As well as though she had spoken, Peony knew the thoughts inside Madame Ezra’s handsome head. She had learned so thoroughly the habit of such discovery that she had only to be still, to empty her own mind, to wait, and to receive, and soon into her brain would come on little creeping mouse feet the thoughts of others. To be married to a farmer was the common fate of bondmaids who went beyond their station. She had even less hope in this house than in a Chinese home. The Jews did not take concubines, Madame Ezra had often declared—not the good Jews, at least. Their god, Jehovah, forbade it.

When Madame Ezra did not answer her, she slipped back quickly, and then followed her mistress to the gate. A few minutes later she was in her plain sedan, riding along the street behind Madame Ezra’s own satin-curtained one. She looked through the little pane set into the front curtain and saw a small square block of the street straight ahead. The street was as it had always been, through her life and through the centuries before she was born. It was a wide street, but however wide it might be, it was always crowded with people. On both sides low buildings of brick and stone stood open. They were shops of many kinds, but behind them were homes where men and women and their children lived together, happily or not, but in security. The street was shadowy and cool, for the shopkeepers had stretched mats over their thresholds woven of slit reeds over a framework of bamboo. Water carriers had slopped their wooden buckets as they went, and the wet stones of the cobbled street threw off coolness. Children ran and crawled everywhere, weaving between the people. Housewives bargained with vendors of fresh vegetables and lifted live fish from great tubs, and men went their way to teashops and business. Everywhere there was life, good common life, but she had no part in it, Peony thought sadly.
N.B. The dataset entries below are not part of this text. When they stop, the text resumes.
(* Let $(E,f)$ be a polymatroid that admits a tensor product with the uniform matroid $U_{2,3}$. Then $(E,f)$ is $1$-CI; that is, for every pair $(X,Y)$ of subsets of $E$ there exist a finite set $Z$ with $Z\cap E=\emptyset$ and a polymatroid $(E\cup Z, h)$ with $h(S)=f(S)$ for all $S\subseteq E$, such that $h(Z)=f(X)+f(Y)-f(X\cup Y)$, $h(X\cup Z)=h(X)$ and $h(Y\cup Z)=h(Y)$.
   Context: A polymatroid $(E,f)$ consists of a finite ground set $E$ and a function $f\colon 2^E\to\mathbb{R}$ with $f(\emptyset)=0$ that is monotone ($S\subseteq T\Rightarrow f(S)\le f(T)$) and submodular ($f(S)+f(T)\ge f(S\cup T)+f(S\cap T)$). The uniform matroid $U_{2,3}$ is the polymatroid on $\{1,2,3\}$ with rank function $r(T)=\min\{|T|,2\}$. A tensor product of polymatroids $(E_1,f_1)$ and $(E_2,f_2)$ is a polymatroid $(E_1\times E_2,g)$ such that $g(S\times T)=f_1(S)f_2(T)$ for all $S\subseteq E_1$, $T\subseteq E_2$. An extension $(E\cup Z,h)$ of $(E,f)$ (with $Z\cap E=\emptyset$) in which $h(Z)=f(X)+f(Y)-f(X\cup Y)$ and $h(X\cup Z)=h(X)$, $h(Y\cup Z)=h(Y)$ is called a common information extension for the pair $(X,Y)$. A polymatroid is called $1$-CI if it admits a common information extension for every pair of subsets of its ground set. *)

From mathcomp Require Import all_boot all_order all_algebra.
From mathcomp Require Import reals.
Set Implicit Arguments. Unset Strict Implicit. Unset Printing Implicit Defensive.
Import Order.TTheory GRing.Theory Num.Theory.
Local Open Scope ring_scope.

Definition polymatroid (R : realType) (T : finType) (f : {set T} -> R) : Prop :=
  [/\ f set0 = 0,
      (forall S U : {set T}, S \subset U -> f S <= f U) &
      (forall S U : {set T}, f (S :|: U) + f (S :&: U) <= f S + f U)].

Definition rank_U23 (R : realType) (T : {set 'I_3}) : R := (minn #|T| 2)%:R.

Definition has_tensor_U23 (R : realType) (E : finType) (f : {set E} -> R) : Prop :=
  exists g : {set (E * 'I_3)%type} -> R,
    polymatroid g /\
    forall (S : {set E}) (T : {set 'I_3}), g (setX S T) = f S * rank_U23 R T.

Definition CI_extension (R : realType) (E : finType) (f : {set E} -> R)
    (X Y : {set E}) : Prop :=
  exists (Z : finType) (h : {set (E + Z)%type} -> R),
    let emb (S : {set E}) : {set (E + Z)%type} := [set inl x | x in S] in
    let Zs : {set (E + Z)%type} := [set inr z | z : Z] in
    [/\ polymatroid h,
        (forall S : {set E}, h (emb S) = f S),
        h Zs = f X + f Y - f (X :|: Y),
        h (emb X :|: Zs) = h (emb X) &
        h (emb Y :|: Zs) = h (emb Y)].

Definition one_CI (R : realType) (E : finType) (f : {set E} -> R) : Prop :=
  forall X Y : {set E}, CI_extension f X Y.

From mathcomp Require Import all_boot all_order all_algebra.
From mathcomp Require Import reals.
From mathcomp Require Import lra.
Set Implicit Arguments. Unset Strict Implicit. Unset Printing Implicit Defensive.
Import Order.TTheory GRing.Theory Num.Theory.
Local Open Scope ring_scope.

(* Let g be a tensor product of f with U_{2,3} on E x {0,1,2} and write A_i for
   the copy A x {i} of A.  Since U_{2,3} has rank 1 on points and 2 on larger
   sets, submodularity of g pins down g (A_i :|: B_j) = f A + f B for i != j and
   g (A_i :|: A_j :|: B_k) = f A + f (A :|: B) for distinct i, j, k.  The copies
   X_1 and Y_2 then serve as the common information of X and Y: adjoin a single
   point z to E and set h (S + z) := g (S_0 :|: X_1 :|: Y_2) - f (X :|: Y).
   The polymatroid axioms of h reduce to those of g, while the two formulas
   above give h z = f X + f Y - f (X :|: Y), h (X + z) = f X and h (Y + z) = f Y. *)

Section PolymatroidAxioms.
Variables (R : realType) (T : finType) (f : {set T} -> R).
Hypothesis f_poly : polymatroid f.

Lemma polymatroid0 : f set0 = 0.
Proof. by case: f_poly. Qed.

Lemma polymatroid_mono (S U : {set T}) : S \subset U -> f S <= f U.
Proof. by case: f_poly => _ + _; apply. Qed.

Lemma polymatroid_submod (S U : {set T}) : f (S :|: U) + f (S :&: U) <= f S + f U.
Proof. by case: f_poly => _ _; apply. Qed.

End PolymatroidAxioms.

Section OnePointExtension.
Variables (R : realType) (T : finType) (f G : {set T} -> R).

Definition one_point_ext (A : {set T + unit}) : R :=
  if inr tt \in A then G (inl @^-1: A) else f (inl @^-1: A).

Lemma preimset_inl_imset (S : {set T}) : inl @^-1: (inl @: S : {set T + unit}) = S.
Proof. by apply/setP => x; rewrite inE mem_imset //; apply: inl_inj. Qed.

Lemma one_point_ext_inl (S : {set T}) : one_point_ext (inl @: S) = f S.
Proof.
by rewrite /one_point_ext preimset_inl_imset; case: imsetP => // -[].
Qed.

Lemma one_point_ext_inr (S : {set T}) :
  one_point_ext (inl @: S :|: [set inr z | z : unit]) = G S.
Proof.
rewrite /one_point_ext preimsetU preimset_inl_imset !inE imset_f //= orbT.
by congr G; apply/setP => x; rewrite !inE; apply/orb_idr => /imsetP[].
Qed.

Hypotheses (f_poly : polymatroid f)
  (G_mono : forall S U : {set T}, S \subset U -> G S <= G U)
  (G_submod : forall S U : {set T}, G (S :|: U) + G (S :&: U) <= G S + G U)
  (G_f_submod : forall S U : {set T}, G (S :|: U) + f (S :&: U) <= f S + G U)
  (f_le_G : forall S : {set T}, f S <= G S).

Lemma one_point_ext_polymatroid : polymatroid one_point_ext.
Proof.
split.
- by rewrite /one_point_ext inE preimset0 polymatroid0.
- move=> A B sAB; have sAB' := preimsetS inl sAB.
  rewrite /one_point_ext; case: ifP => [zA|_]; first by rewrite (subsetP sAB _ zA) G_mono.
  case: ifP => _; last exact: polymatroid_mono.
  exact: le_trans (polymatroid_mono f_poly sAB') (f_le_G _).
- move=> A B; rewrite /one_point_ext preimsetU preimsetI !inE.
  case: (inr tt \in A); case: (inr tt \in B) => /=.
  + exact: G_submod.
  + by rewrite setUC setIC [X in _ <= X]addrC G_f_submod.
  + exact: G_f_submod.
  + exact: polymatroid_submod.
Qed.

End OnePointExtension.

(* Proves identities and inclusions between unions of slices [setX A [set i]]
   pointwise; the index cases rely on the hypotheses [i != j] in the context. *)
Ltac slices_by_cases :=
  let x := fresh "x" in let l := fresh "l" in
  first [apply/setP => -[x l] | apply/subsetP => -[x l]; apply/implyP];
  rewrite !inE /=;
  repeat match goal with |- context [@eq_op _ l ?i] =>
    let e := fresh "e" in case: (eqVneq l i) => [e|?]; [rewrite ?e|]
  end;
  repeat match goal with
  | H : is_true (?a != ?b) |- context [?a == ?b] => rewrite (negbTE H)
  | H : is_true (?a != ?b) |- context [?b == ?a] => rewrite (eq_sym b a) (negbTE H)
  end;
  repeat match goal with |- context [?y \in ?A] => case: (y \in A) end.

Section TensorWithU23.
Variables (R : realType) (E : finType) (f : {set E} -> R).
Variable g : {set E * 'I_3} -> R.
Hypotheses (g_poly : polymatroid g)
  (g_tensor : forall (S : {set E}) (T : {set 'I_3}), g (setX S T) = f S * rank_U23 R T).

Lemma tensor_slice (S : {set E}) (i : 'I_3) : g (setX S [set i]) = f S.
Proof. by rewrite g_tensor /rank_U23 cards1 mulr1. Qed.

Lemma tensor_setX_card_gt1 (S : {set E}) (T : {set 'I_3}) :
  (1 < #|T|)%N -> g (setX S T) = f S *+ 2.
Proof. by move=> T_gt1; rewrite g_tensor /rank_U23 (minn_idPr T_gt1) mulr_natr. Qed.

Lemma tensor_two_slices (A B : {set E}) (i j : 'I_3) : i != j ->
  g (setX A [set i] :|: setX B [set j]) = f A + f B.
Proof.
move=> ij; apply/eqP; rewrite eq_le; apply/andP; split.
  have := polymatroid_submod g_poly (setX A [set i]) (setX B [set j]).
  have -> : setX A [set i] :&: setX B [set j] = set0 by slices_by_cases.
  by rewrite polymatroid0 // addr0 !tensor_slice.
have := polymatroid_submod g_poly (setX A [set i] :|: setX B [set j])
                                  (setX (A :|: B) [set j]).
have -> : (setX A [set i] :|: setX B [set j]) :|: setX (A :|: B) [set j]
        = setX A [set i] :|: setX (A :|: B) [set j] by slices_by_cases.
have -> : (setX A [set i] :|: setX B [set j]) :&: setX (A :|: B) [set j]
        = setX B [set j] by slices_by_cases.
have := polymatroid_submod g_poly (setX A [set i] :|: setX (A :|: B) [set j])
                                  (setX (A :|: B) [set i]).
have -> : (setX A [set i] :|: setX (A :|: B) [set j]) :|: setX (A :|: B) [set i]
        = setX (A :|: B) [set i; j] by slices_by_cases.
have -> : (setX A [set i] :|: setX (A :|: B) [set j]) :&: setX (A :|: B) [set i]
        = setX A [set i] by slices_by_cases.
rewrite tensor_setX_card_gt1 ?cards2 ?ij // !tensor_slice; lra.
Qed.

Section PairSlice.
Variables (i j k : 'I_3).
Hypotheses (ij : i != j) (ik : i != k) (jk : j != k).

Let g_ijk (A : {set E}) : g (setX A [set i; j; k]) = f A *+ 2.
Proof.
apply: tensor_setX_card_gt1.
by rewrite (leq_trans _ (subset_leq_card (subsetUl [set i; j] [set k]))) // cards2 ij.
Qed.

Let g_ij (A : {set E}) : g (setX A [set i; j]) = f A *+ 2.
Proof. by rewrite tensor_setX_card_gt1 // cards2 ij. Qed.

Let tensor_pair_slice_absorb (A B : {set E}) :
  g (setX A [set i; j] :|: setX (A :|: B) [set k]) = f A + f (A :|: B).
Proof.
apply/eqP; rewrite eq_le; apply/andP; split.
  have := polymatroid_submod g_poly (setX A [set i; j; k]) (setX (A :|: B) [set k]).
  have -> : setX A [set i; j; k] :|: setX (A :|: B) [set k]
          = setX A [set i; j] :|: setX (A :|: B) [set k] by slices_by_cases.
  have -> : setX A [set i; j; k] :&: setX (A :|: B) [set k] = setX A [set k].
    by slices_by_cases.
  rewrite g_ijk !tensor_slice; lra.
rewrite -(tensor_two_slices _ _ ik); apply: (polymatroid_mono g_poly).
by slices_by_cases.
Qed.

Lemma tensor_pair_slice (A B : {set E}) :
  g (setX A [set i; j] :|: setX B [set k]) = f A + f (A :|: B).
Proof.
rewrite -tensor_pair_slice_absorb; apply/eqP; rewrite eq_le; apply/andP; split.
  by apply: (polymatroid_mono g_poly); slices_by_cases.
have := polymatroid_submod g_poly (setX A [set i; j] :|: setX B [set k])
                                  (setX A [set i; j; k]).
have -> : (setX A [set i; j] :|: setX B [set k]) :|: setX A [set i; j; k]
        = setX A [set i; j] :|: setX (A :|: B) [set k] by slices_by_cases.
have : g (setX A [set i; j])
       <= g ((setX A [set i; j] :|: setX B [set k]) :&: setX A [set i; j; k]).
  by apply: (polymatroid_mono g_poly); slices_by_cases.
rewrite g_ij g_ijk; lra.
Qed.

End PairSlice.

Section CommonInformation.
Variables (X Y : {set E}) (i j k : 'I_3).
Hypotheses (ij : i != j) (ik : i != k) (jk : j != k).
Let ji : j != i. Proof. by rewrite eq_sym. Qed.
Let ki : k != i. Proof. by rewrite eq_sym. Qed.
Let kj : k != j. Proof. by rewrite eq_sym. Qed.

Local Notation lifted S := (setX S [set i] :|: setX X [set j] :|: setX Y [set k]).

Definition ci_lift (S : {set E}) : R := g (lifted S) - f (X :|: Y).

Lemma ci_lift_mono (S U : {set E}) : S \subset U -> ci_lift S <= ci_lift U.
Proof.
move=> sSU; rewrite lerD2r; apply: (polymatroid_mono g_poly).
by rewrite -!setUA setUSS // setXS.
Qed.

Lemma ci_lift_submod (S U : {set E}) :
  ci_lift (S :|: U) + ci_lift (S :&: U) <= ci_lift S + ci_lift U.
Proof.
have := polymatroid_submod g_poly (lifted S) (lifted U).
have -> : lifted S :|: lifted U = lifted (S :|: U) by slices_by_cases.
have -> : lifted S :&: lifted U = lifted (S :&: U) by slices_by_cases.
rewrite /ci_lift; lra.
Qed.

Lemma ci_lift_f_submod (S U : {set E}) :
  ci_lift (S :|: U) + f (S :&: U) <= f S + ci_lift U.
Proof.
have := polymatroid_submod g_poly (setX S [set i]) (lifted U).
have -> : setX S [set i] :|: lifted U = lifted (S :|: U) by slices_by_cases.
have -> : setX S [set i] :&: lifted U = setX (S :&: U) [set i] by slices_by_cases.
rewrite /ci_lift !tensor_slice; lra.
Qed.

Lemma f_le_ci_lift_setT : f setT <= ci_lift setT.
Proof.
have := polymatroid_submod g_poly (lifted setT) (setX Y [set j; k] :|: setX setT [set i]).
have -> : lifted setT :|: (setX Y [set j; k] :|: setX setT [set i])
        = setX setT [set i] :|: setX (X :|: Y) [set j] :|: setX Y [set k].
  by slices_by_cases.
have -> : lifted setT :&: (setX Y [set j; k] :|: setX setT [set i])
        = setX setT [set i] :|: setX (X :&: Y) [set j] :|: setX Y [set k].
  by slices_by_cases.
have := tensor_pair_slice jk ji ki Y setT.
have : g (setX setT [set i] :|: setX (X :|: Y) [set j])
       <= g (setX setT [set i] :|: setX (X :|: Y) [set j] :|: setX Y [set k]).
  by apply: (polymatroid_mono g_poly); rewrite subsetUl.
have : g (setX setT [set i] :|: setX Y [set k])
       <= g (setX setT [set i] :|: setX (X :&: Y) [set j] :|: setX Y [set k]).
  by apply: (polymatroid_mono g_poly); slices_by_cases.
rewrite !tensor_two_slices // setUT /ci_lift; lra.
Qed.

Lemma f_le_ci_lift (S : {set E}) : f S <= ci_lift S.
Proof.
have := polymatroid_submod g_poly (lifted S) (setX setT [set i]).
have -> : lifted S :|: setX setT [set i] = lifted setT by slices_by_cases.
have -> : lifted S :&: setX setT [set i] = setX S [set i] by slices_by_cases.
have := f_le_ci_lift_setT; rewrite /ci_lift !tensor_slice; lra.
Qed.

Lemma ci_lift0 : ci_lift set0 = f X + f Y - f (X :|: Y).
Proof.
rewrite /ci_lift -(tensor_two_slices _ _ jk); congr (g _ - _).
by slices_by_cases.
Qed.

Lemma ci_liftX : ci_lift X = f X.
Proof.
rewrite /ci_lift.
have -> : lifted X = setX X [set i; j] :|: setX Y [set k] by slices_by_cases.
by rewrite tensor_pair_slice // addrK.
Qed.

Lemma ci_liftY : ci_lift Y = f Y.
Proof.
rewrite /ci_lift.
have -> : lifted Y = setX Y [set i; k] :|: setX X [set j] by slices_by_cases.
by rewrite tensor_pair_slice // setUC addrK.
Qed.

End CommonInformation.

End TensorWithU23.

Theorem theorem5p1 (R : realType) (E : finType) (f : {set E} -> R) :
  polymatroid f -> has_tensor_U23 f -> one_CI f.
Proof.
move=> f_poly [g [g_poly g_tensor]] X Y.
pose i : 'I_3 := 0; pose j : 'I_3 := 1; pose k : 'I_3 := 2%:R.
have [ij ik jk] : [/\ i != j, i != k & j != k] by [].
exists unit, (one_point_ext f (ci_lift f g X Y i j k)) => /=.
have Zs_emb0 : [set inr z | z : unit] = inl @: (set0 : {set E}) :|: [set inr z | z : unit].
  by rewrite imset0 set0U.
split.
- apply: one_point_ext_polymatroid => //.
  + exact: ci_lift_mono.
  + exact: ci_lift_submod.
  + exact: ci_lift_f_submod.
  + exact: f_le_ci_lift.
- exact: one_point_ext_inl.
- by rewrite Zs_emb0 one_point_ext_inr ci_lift0.
- by rewrite one_point_ext_inr one_point_ext_inl ci_liftX.
- by rewrite one_point_ext_inr one_point_ext_inl ci_liftY.
Qed.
While her eyes watched the scene she knew so well, her thoughts were busy with herself. The years had passed too quickly, even for her. They had been happy years and good ones, and she had dreaded womanhood and change. She had felt almost a daughter in the house, but not quite, and in the last few days, during the strange foreign feast, she had realized she was alien to this family that had bought her. Compel her mind as she might, she could not remember her own mother’s face or her father’s voice. A castaway child, stolen perhaps from her home, or sold, she had been sold again.

“Who sold me to you, Lady?” she had once asked Madame Ezra.

“A dealer in children,” Madame Ezra had replied.

“Had he many like me?” she had asked next.

“He had twenty little girls, and two boys,” Wang Ma had put in. “I wonder, Lady, that you did not get a boy for our young master.”

“My son’s father wanted the girl,” Madame Ezra had replied. “I believe he took a fancy to Peony because she had such big eyes. You were very thin, child. I remember you ate until we were frightened.”

Riding along in the crowded street, high on men’s shoulders, Peony considered her fate. Outside the house of Ezra she knew no one, she had not a friend. All were strangers to her as were these passers on the street. Tears brimmed her eyes. Where could she ever go to find friends or family? Therefore must she stay where she was and cling to the only house she knew.